Un luogo tanto irraggiungibile, alla sua profondità maggiore, da aver permesso nel 2008 di scoprire un particolare batterio estremofilo denominato Candidatus Desulforudis audaxviator, capace essenzialmente di sostenere da solo il suo intero ecosistema, mediante la metabolizzazione del carbonio prodotto da forme di vita organiche, come gli umani. Difficile capire, a questo punto, se tale creatura fosse già dormiente a tali oscure profondità, in attesa che qualcuno venisse a fornirgli gli strumenti per sopravvivere, e riuscire nuovamente a moltiplicarsi. Finalità perseguita mediante il metodo di scavo chiamato in lingua inglese shaft sinking o “Del pozzo (centrale) sommerso” consistente nel ricavo di una struttura letteralmente paragonabile a quella di un grattacielo ma costruita all’inverso, progressivamente rinforzata verso il raggiungimento del suo obiettivo finale, molte centinaia, se non addirittura migliaia di metri distante dalla superficie del globo terrestre.

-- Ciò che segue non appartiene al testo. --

(* After a large enough dilation K x, every form positive at x exceeds its
   coefficient mass absF g, which absorbs any rounding error. *)
Lemma dilation_dominates (ineqs : seq form) (x : I -> R) :
  (forall g, List.In g ineqs -> 0 < evalF g x) ->
  exists K, 0 <= K /\ forall g, List.In g ineqs -> absF g < K * evalF g x.
Proof.
elim: ineqs => [|g gs IH] Hpos; first by exists 0; split => //; apply: Rle_refl.
have [K0 [HK0 HK]] := IH (fun g' h => Hpos g' (or_intror h)).
have Hg := Hpos g (or_introl erefl).
have Hq : 0 <= absF g / evalF g x by apply: Rle_mult_inv_pos; [apply: absF_ge0 | lra].
have Hqg : absF g / evalF g x * evalF g x = absF g by field; lra.
exists (K0 + absF g / evalF g x + 1); split; first lra.
move=> g' [<-|Hin]; first nra.
by have := HK g' Hin; have := Hpos g' (or_intror Hin); nra.
Qed.

Lemma strict_integer_solution (ineqs : seq form) (x : I -> R) :
  (forall g, List.In g ineqs -> 0 < evalF g x) ->
  exists z : I -> Z, forall g, List.In g ineqs -> 0 < evalF g (fun l => IZR (z l)).
Proof.
move=> Hpos; have [K [HK HKg]] := dilation_dominates Hpos.
exists (fun l => up (K * x l)) => g Hg.
pose d l := IZR (up (K * x l)) - K * x l.
have Hd : forall l, 0 <= d l <= 1.
  by move=> l; rewrite /d; have [h1 h2] := archimed (K * x l); lra.
have -> : evalF g (fun l => IZR (up (K * x l))) = evalF g d + K * evalF g x.
  elim: (g) => [|[b l] f IHf] /=; [ring | rewrite IHf /d; ring].
by have := absF_bound g Hd; have := HKg g Hg; lra.
Qed.

Definition solves (eqs ineqs : seq form) (y : I -> R) : Prop :=
  (forall e, List.In e eqs -> evalF e y = 0) /\
  (forall g, List.In g ineqs -> 0 < evalF g y).

Definition elim_form (e : form) (j : I) (f : form) : form :=
  scaleF (coefF e j) f ++ scaleF (- coefF f j) e.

Finalità generalmente perseguita mediante l’impiego di macchinari realizzati ad-hoc, sebbene non manchino soluzioni standardizzate, offerte da alcune delle maggiori compagnie operative in questo redditizio settore dell’industria.
La miniera resta un mondo fuori dal mondo, dunque, dove il benessere e lo stato di salute mentale di chi ci lavora vengono necessariamente subordinati alla ricerca di profitti da parte di un’organizzazione al di sopra di mere considerazioni di natura morale. Poiché il sistema da cui trae una ragione per la sua stessa esistenza è sufficientemente antico, e redditizio, da poter giustificare un’operatività indipendente dai mutamenti sociali e le nuove regole introdotte in superficie. Almeno finché l’agognato carburante di una simile realtà, più potente dell’anti-materia stessa, andrà incontro all’esaurimento tanto a lungo paventato.
Ma l’estrazione dell’ultimo grammo d’oro, a differenza di quanto sta per accadere con i carburanti fossili e potrebbe un giorno, non molto lontano, coinvolgere anche quelli nucleari, non porterà un’immediato stato di rallentamento o persino arresto dell’industria internazionale, messa da parte l’eccezione potenziale di quella elettronica dei superconduttori. Sarebbe quindi esagerato, a questo punto, affermare che la situazione possa soltanto andare incontro a validi presupposti di miglioramento?